Лула Куна
Поэтесса, прозаик, переводчица, публицист. Родилась в 1960 году в Грозном. Окончила филологический факультет и факультет журналистики Чечено-Ингушского государственного университета. Работала преподавателем в Чеченском государственном университете, редактором журналов «СтелаIад», «Ичкерия», журналистом. Основательница литературного журнала «Нана» («Мать»). Автор книги прозы и сборника статей. Член Союза писателей России, Союза российских писателей, Международного ПЕН-клуба, Клуба писателей Кавказа. Награждена нагрудным знаком и дипломом отличия парламента ЧР, орденом «Золотой Орёл» им. М.А. Мамакаева, медалью «Литературный олимп». Живёт в Грозном.
Они шли по пустынному тротуару мимо промерзающих на осеннем ветру деревьев, тщетно пытающихся скрыть за оголёнными кронами убогий антураж спального района.
Собачка семенила впереди, то и дело оглядываясь на своего странного спутника. Мужчина, чуть сутулясь, как это обычно делают долговязые люди, шёл, что-то напевая под нос, чуть поодаль.
Они встретились сегодня совершенно случайно.
Дворняжка целый день крутилась у пивной, принюхиваясь остреньким носиком к тёплым волнам рыбных ароматов. Потом, ближе к сумеркам, нырнула в дверь и аккуратно присела под крайним столиком, то и дело рискуя быть зашибленной чьей-то неловкой ногой.

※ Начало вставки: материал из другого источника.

(* Let $\varphi:\Lambda\to\Gamma$ be a regular covering map of degree $n$ of finite simplicial graphs without isolated vertices, with $|V\Gamma|=m$. Order $V\Lambda$ so that each fiber forms a consecutive block, the blocks being $V_1,\dots,V_m$, and order $V\Gamma$ as $\varphi(V_1),\dots,\varphi(V_m)$. Let $F\in\mathrm{Aut}(A_\Lambda)$ be a lift of $f\in\mathrm{Aut}(A_\Gamma)$. Then the $nm\times nm$ matrix $\tilde M$ of the action of $F$ on $H_1(A_\Lambda)$ is a blow up of the $m\times m$ matrix $M$ of the action of $f$ on $H_1(A_\Gamma)$.
   Context: $A_\Gamma$ is the right-angled Artin group with generators $V\Gamma$ and relations $[a,b]=1$ for edges; $H_1(A_\Gamma)\cong\mathbb Z^{V\Gamma}$ with basis the vertices, and the matrix of an automorphism has as the column of a vertex $v$ the coordinates of the image of $v$. A covering map $\varphi:\Lambda\to\Gamma$ is a surjective simplicial map mapping the neighbours of each vertex $u$ bijectively onto the neighbours of $\varphi(u)$; regular means the group of graph automorphisms $\mu$ of $\Lambda$ with $\varphi\mu=\varphi$ acts transitively on each fiber; the degree is the common fiber size. $\phi:A_\Lambda\to A_\Gamma$ is induced by $\varphi$, and $F$ is a lift of $f$ if $f\circ\phi=\phi\circ F$. An $nm\times nm$ matrix $\tilde M$ with $n\times n$ blocks is a blow up of an $m\times m$ matrix $M$ if, for all $i,j$, every column of the $(i,j)$ block of $\tilde M$ has all entries $0$ except one entry equal to $M(i,j)$. *)

From Stdlib Require Import Relations.
From mathcomp Require Import all_boot all_order all_algebra all_fingroup.
Set Implicit Arguments. Unset Strict Implicit. Unset Printing Implicit Defensive.
Import Order.TTheory GRing.Theory Num.Theory.

(* A letter (v, true) is the generator v, (v, false) is its inverse.   *)
Section RAAG.
Variable V : finType.

Definition inv_word (w : seq (V * bool)) : seq (V * bool) :=
  rev (map (fun x => (x.1, ~~ x.2)) w).

Inductive raag_step (adj : rel V) : seq (V * bool) -> seq (V * bool) -> Prop :=
| rs_cancel (w1 w2 : seq (V * bool)) (a : V) (b : bool) :
    raag_step adj (w1 ++ (a, b) :: (a, ~~ b) :: w2) (w1 ++ w2)
| rs_comm (w1 w2 : seq (V * bool)) (x y : V * bool) :
    adj x.1 y.1 -> raag_step adj (w1 ++ x :: y :: w2) (w1 ++ y :: x :: w2).

Definition raag_eq (adj : rel V) : relation (seq (V * bool)) :=
  clos_refl_sym_trans _ (raag_step adj).

(* exponent sum of v in w: the v-coordinate of the image of w in H_1 = Z^V *)
Definition expsum (w : seq (V * bool)) (v : V) : int :=
  \sum_(x <- w | x.1 == v) (if x.2 then 1%R else (-1)%R).
End RAAG.

Definition subst (V W : finType) (g : V -> seq (W * bool)) (w : seq (V * bool))
  : seq (W * bool) :=
  flatten (map (fun x => if x.2 then g x.1 else inv_word (g x.1)) w).

Definition raag_hom (V W : finType) (adjV : rel V) (adjW : rel W)
  (g : V -> seq (W * bool)) : Prop :=
  forall w1 w2, raag_eq adjV w1 w2 -> raag_eq adjW (subst g w1) (subst g w2).

Definition raag_aut (V : finType) (adj : rel V) (g : V -> seq (V * bool)) : Prop :=
  raag_hom adj adj g /\
  exists h : V -> seq (V * bool),
    [/\ raag_hom adj adj h,
        forall v, raag_eq adj (subst h (g v)) [:: (v, true)] &
        forall v, raag_eq adj (subst g (h v)) [:: (v, true)]].

(* matrix of the action on H_1 (column j = coordinates of the image of j) *)
Definition raag_mat (N : nat) (g : 'I_N -> seq ('I_N * bool)) : 'M[int]_N :=
  \matrix_(i, j) expsum (g j) i.

Definition simple_graph (V : finType) (adj : rel V) : Prop :=
  symmetric adj /\ irreflexive adj.

Definition no_isolated (V : finType) (adj : rel V) : Prop :=
  forall v, exists w, adj v w.

Definition covering_map (VL VG : finType) (adjL : rel VL) (adjG : rel VG)
  (phi : VL -> VG) : Prop :=
  [/\ forall w, exists u, phi u = w,
      forall u v, adjL u v -> adjG (phi u) (phi v),
      forall u, {in [pred v | adjL u v] &, injective phi} &
      forall u w, adjG (phi u) w -> exists2 v, adjL u v & phi v = w].

Definition deck (VL VG : finType) (adjL : rel VL) (phi : VL -> VG)
  (mu : {perm VL}) : Prop :=
  (forall x y, adjL (mu x) (mu y) = adjL x y) /\ (forall x, phi (mu x) = phi x).

Definition regular_covering (VL VG : finType) (adjL : rel VL) (adjG : rel VG)
  (phi : VL -> VG) : Prop :=
  covering_map adjL adjG phi /\
  forall u u', phi u = phi u' -> exists2 mu, deck adjL phi mu & mu u = u'.

Definition is_lift (VL VG : finType) (adjG : rel VG) (phi : VL -> VG)
  (F : VL -> seq (VL * bool)) (f : VG -> seq (VG * bool)) : Prop :=
  forall u, raag_eq adjG (f (phi u)) (subst (fun x => [:: (phi x, true)]) (F u)).

(* Mt (nm x nm, blocks of size n) is a blow up of M (m x m);
   the (i,j) block consists of rows r with r %/ n = i and columns c with c %/ n = j *)
Definition blow_up (n m : nat) (Mt : 'M[int]_(n * m)) (M : 'M[int]_m) : Prop :=
  forall (i j : 'I_m) (c : 'I_(n * m)), c %/ n = j ->
    exists2 r : 'I_(n * m), r %/ n = i &
      Mt r c = M i j /\ (forall r' : 'I_(n * m), r' %/ n = i -> r' != r -> Mt r' c = 0%R).

(* Abelianising an automorphism F of A_Λ gives its matrix, and abelianising
   f ∘ φ = φ ∘ F shows that the entries of a column of F's matrix over a fibre
   of φ sum to the corresponding entry of f's matrix.  It remains to see that
   such a column has at most one nonzero entry per fibre.  Two vertices of a
   fibre are at distance at least 3 in Λ.  If F(u) has nonzero exponent sums
   at two such vertices, pick a neighbour y of u: F(u) and F(y) commute, and
   the Heisenberg-group invariant of a pair of non-adjacent generators forces
   the exponent-sum vectors of F(u) and F(y) to be proportional, which is
   incompatible with invertibility of F on H_1. *)
From Stdlib Require Import Relations.
From mathcomp Require Import all_boot all_order all_algebra all_fingroup.
From mathcomp Require Import ring.
Set Implicit Arguments. Unset Strict Implicit. Unset Printing Implicit Defensive.
Import Order.TTheory GRing.Theory Num.Theory.
Local Open Scope ring_scope.

Section Words.
Variable V : finType.
Implicit Types (w : seq (V * bool)) (p q v : V) (adj : rel V).

Definition letter_sign (x : V * bool) : int := if x.2 then 1 else -1.

Lemma expsum_nil v : expsum [::] v = 0.
Proof. by rewrite /expsum big_nil. Qed.

Lemma expsum_cons x w v :
  expsum (x :: w) v = (if x.1 == v then letter_sign x else 0) + expsum w v.
Proof. by rewrite /expsum big_cons; case: ifP => _ //; rewrite add0r. Qed.

Lemma expsum_cat w1 w2 v : expsum (w1 ++ w2) v = expsum w1 v + expsum w2 v.
Proof. by rewrite /expsum big_cat. Qed.

Lemma expsum_inv_word w v : expsum (inv_word w) v = - expsum w v.
Proof.
elim: w => [|x w IH]; first by rewrite /inv_word /= expsum_nil oppr0.
rewrite /inv_word map_cons rev_cons -cats1 -/(inv_word w).
rewrite expsum_cat IH !expsum_cons expsum_nil /letter_sign /=.
by case: x.2; case: (x.1 == v) => /=; ring.
Qed.

Lemma raag_eq_invariant (T : Type) (g : seq (V * bool) -> T) adj w1 w2 :
  raag_eq adj w1 w2 ->
  (forall u1 u2, raag_step adj u1 u2 -> g u1 = g u2) -> g w1 = g w2.
Proof.
by move=> + g_step; elim=> [u1 u2 /g_step | | u1 u2 _ -> | u1 u2 u3 _ -> _ ->].
Qed.
Arguments raag_eq_invariant {T} g {adj w1 w2}.

Lemma raag_step_expsum adj w1 w2 v :
  raag_step adj w1 w2 -> expsum w1 v = expsum w2 v.
Proof.
case=> [u1 u2 a b | u1 u2 x y _]; rewrite !expsum_cat !expsum_cons /letter_sign /=.
  by case: b; case: (a == v) => /=; ring.
by congr (_ + _); rewrite addrCA.
Qed.

Lemma raag_eq_expsum adj w1 w2 v : raag_eq adj w1 w2 -> expsum w1 v = expsum w2 v.
Proof.
by move/(raag_eq_invariant (fun w => expsum w v)); apply=> u1 u2 /raag_step_expsum.
Qed.

(* The central coordinate of the image of w in the Heisenberg group
   Z^2 x Z, with law (a, c) (a', c') = (a + a', c + c' + det(a, a')), under
   p |-> (e_1, 0), q |-> (e_2, 0) and the other generators |-> 1.  This
   factors through A_Γ when p and q are not adjacent. *)
Fixpoint area p q w : int :=
  match w with
  | [::] => 0
  | x :: w' => area p q w' + letter_sign x *
      ((if x.1 == p then expsum w' q else 0) - (if x.1 == q then expsum w' p else 0))
  end.

Lemma area_cat p q w1 w2 : area p q (w1 ++ w2) = area p q w1 + area p q w2 +
  (expsum w1 p * expsum w2 q - expsum w1 q * expsum w2 p).
Proof.
elim: w1 => [|x w1 IH] /=; first by rewrite !expsum_nil; ring.
rewrite IH !expsum_cat !expsum_cons.
by case: (x.1 == p); case: (x.1 == q) => /=; ring.
Qed.

Lemma raag_step_area adj p q w1 w2 : ~~ adj p q -> ~~ adj q p ->
  raag_step adj w1 w2 -> area p q w1 = area p q w2.
Proof.
move=> npq nqp [u1 u2 a b | u1 u2 x y axy]; rewrite !area_cat.
  rewrite -[_ :: _ :: u2]/([:: (a, b); (a, ~~ b)] ++ u2).
  rewrite !area_cat !expsum_cat /= !expsum_cons !expsum_nil /letter_sign /=.
  by case: b; case: (a == p); case: (a == q) => /=; ring.
rewrite -[x :: y :: u2]/([:: x; y] ++ u2) -[y :: x :: u2]/([:: y; x] ++ u2).
rewrite !area_cat !expsum_cat /= !expsum_cons !expsum_nil.
have not_pq : ~~ ((x.1 == p) && (y.1 == q)).
  by apply/andP => -[/eqP xp /eqP yq]; move: npq; rewrite -xp -yq axy.
have not_qp : ~~ ((x.1 == q) && (y.1 == p)).
  by apply/andP => -[/eqP xq /eqP yp]; move: nqp; rewrite -xq -yp axy.
move: not_pq not_qp.
by case: (x.1 == p); case: (y.1 == q); case: (x.1 == q); case: (y.1 == p)
  => //= _ _; ring.
Qed.

Lemma raag_eq_area adj p q w1 w2 : ~~ adj p q -> ~~ adj q p ->
  raag_eq adj w1 w2 -> area p q w1 = area p q w2.
Proof.
move=> npq nqp /(raag_eq_invariant (area p q)).
by apply=> u1 u2 /(raag_step_area npq nqp).
Qed.

(* The cross term of [area_cat] changes sign when w1 and w2 are swapped. *)
Lemma raag_eq_commute_expsum adj p q w1 w2 : ~~ adj p q -> ~~ adj q p ->
  raag_eq adj (w1 ++ w2) (w2 ++ w1) ->
  expsum w1 p * expsum w2 q = expsum w1 q * expsum w2 p.
Proof.
move=> npq nqp /(raag_eq_area npq nqp).
rewrite !area_cat (addrC (area p q w2)) => /addrI cross.
have twice0 : (expsum w1 p * expsum w2 q - expsum w1 q * expsum w2 p) *+ 2 = 0.
  by rewrite mulr2n [X in _ + X = 0]cross; ring.
by apply/eqP; move/eqP: twice0; rewrite mulrn_eq0 subr_eq0.
Qed.
End Words.

Lemma expsum_subst (V W : finType) (g : V -> seq (W * bool)) w p :
  expsum (subst g w) p = \sum_q expsum w q * expsum (g q) p.
Proof.
elim: w => [|x w IH].
  by rewrite /subst /= expsum_nil big1 // => q _; rewrite expsum_nil mul0r.
rewrite [subst g _]/= expsum_cat IH -/(subst g w).
under [RHS]eq_bigr => q _ do rewrite expsum_cons mulrDl.
rewrite big_split /=; congr (_ + _).
rewrite (bigD1 x.1) //= eqxx big1 ?addr0.
  by case: x => a [] /=; rewrite /letter_sign /= ?expsum_inv_word; ring.
by move=> q; rewrite eq_sym => /negbTE ->; rewrite mul0r.
Qed.

Lemma expsum_relabel (V W : finType) (phi : V -> W) w i :
  expsum (subst (fun x => [:: (phi x, true)]) w) i =
  \sum_(q | phi q == i) expsum w q.
Proof.
rewrite expsum_subst [RHS]big_mkcond; apply: eq_bigr => q _.
rewrite expsum_cons expsum_nil addr0 /letter_sign.
by case: eqP; rewrite ?mulr1 ?mulr0.
Qed.

Lemma raag_hom_commute (V W : finType) (adjV : rel V) (adjW : rel W) g u y :
  raag_hom adjV adjW g -> adjV u y -> raag_eq adjW (g u ++ g y) (g y ++ g u).
Proof.
move=> hom_g auy; have := hom_g [:: (u, true); (y, true)] [:: (y, true); (u, true)].
rewrite /subst /= !cats0; apply; apply: rst_step.
exact: (@rs_comm _ adjV [::] [::] (u, true) (y, true)).
Qed.

Lemma raag_mat_subst N (g h : 'I_N -> seq ('I_N * bool)) :
  raag_mat (fun v => subst h (g v)) = raag_mat h *m raag_mat g.
Proof.
apply/matrixP => i j; rewrite !mxE expsum_subst.
by apply: eq_bigr => q _; rewrite !mxE mulrC.
Qed.

Lemma raag_mat_left_inverse N (adj : rel 'I_N) (g h : 'I_N -> seq ('I_N * bool)) :
  (forall v, raag_eq adj (subst h (g v)) [:: (v, true)]) ->
  raag_mat h *m raag_mat g = 1%:M.
Proof.
move=> hg; rewrite -raag_mat_subst; apply/matrixP => i j.
rewrite !mxE (raag_eq_expsum i (hg j)) expsum_cons expsum_nil addr0 eq_sym.
by case: eqP.
Qed.

Lemma proportional_extend (V : Type) (R : idomainType) (adj : rel V)
    (x z : V -> R) v w :
  (forall p q, ~~ adj p q -> x p * z q = x q * z p) ->
  ~~ adj v w -> (forall q, adj v q -> ~~ adj w q) -> x w != 0 ->
  forall q, x v * z q = x q * z v.
Proof.
move=> cross nvw disjoint xw0 q.
case avq: (adj v q); last by apply: cross; rewrite avq.
apply: (mulfI xw0).
by rewrite mulrCA (cross w q) ?disjoint // mulrCA (cross v w) // mulrCA.
Qed.

Lemma proportional_cols_entry_eq0 (R : comPzRingType) N (A B : 'M[R]_N) u y v :
  B *m A = 1%:M -> u != y -> (forall q, A v u * A q y = A q u * A v y) -> A v u = 0.
Proof.
move=> BA1 nuy prop.
have /(congr1 (fun M : 'M_N => A v u * M y y)) := BA1.
rewrite !mxE eqxx mulr1 => <-; rewrite mulr_sumr.
under eq_bigr => q _ do rewrite mulrCA prop mulrA.
have /(congr1 (fun M : 'M_N => M y u)) := BA1.
by rewrite !mxE eq_sym (negbTE nuy) -mulr_suml => ->; rewrite mul0r.
Qed.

Двое стояли за столиком с промасленными от бесконечных выбиваний рыбьих тушек углами.
– Вот ты скажи, – хмельно допытывался гладко выбритый мужчина с щегольскими усиками на округлившемся лице, – что они в тебе находят? Ты же д-и-кий… Эти патлы…
– Они слышат музыку моего сердца… – мечтательно улыбнулся долговязый.
– Снова твои шуточки, – отмахнулся первый. Вдруг, почувствовав через тонкую ткань штанины влажный холод собачьего носа, брезгливо отпрыгнул, пнув псину под столом: – П-ш-шла, тварь!
Собака, повизгивая от боли, метнулась к выходу.
Долговязый неожиданно грубо толкнул собеседника:
– Ты что, придурок?! – и тоже понёсся к выходу.
У двери, запнувшись, подслеповато огляделся, не сразу сориентировавшись в темени слякотного вечера. Но тяжёлое, с постаныванием дыхание выдало беглянку – она молча скалила зубы, забившись в угол.
Однако её воинственность мало заботила долговязого. Резким движением руки он выдернул её из убежища и, обернув торчащим из кармана шарфом, сунул за пазуху.
Собака, посучив ножками ради приличия, затихла.
От этого большого человека шло стойкое тепло – и уже не хотелось никуда уходить...
У самого носа появился дивно пахнущий кусок таранки. Она опасливо куснула её на весу. Потом, осмелев, ухватилась острыми зубками за рыбью тушку и нырнула с ней в своё новое убежище. Еда быстро наполнила тельце теплом, и она сыто зевнула.
– Во-от, а ты бегаешь, – большая жёсткая ладонь накрыла мокрую голову псины, и собачка на пару минут забылась сном...
Лениво приоткрыв веки, она обнаружила себя в незнакомом месте. Деловито осмотрелась.
Было странно покачиваться в такт шагам этого большого человека и разглядывать мир с такой высоты.
Бесконечно тянущиеся к небу стволы деревьев теперь приблизились, расщепившись на тысячи прутиков-веток с лоскуточками засохших листьев. Фонари уже не казались большими звёздами. И мир как-то сразу стал меньше и уютнее…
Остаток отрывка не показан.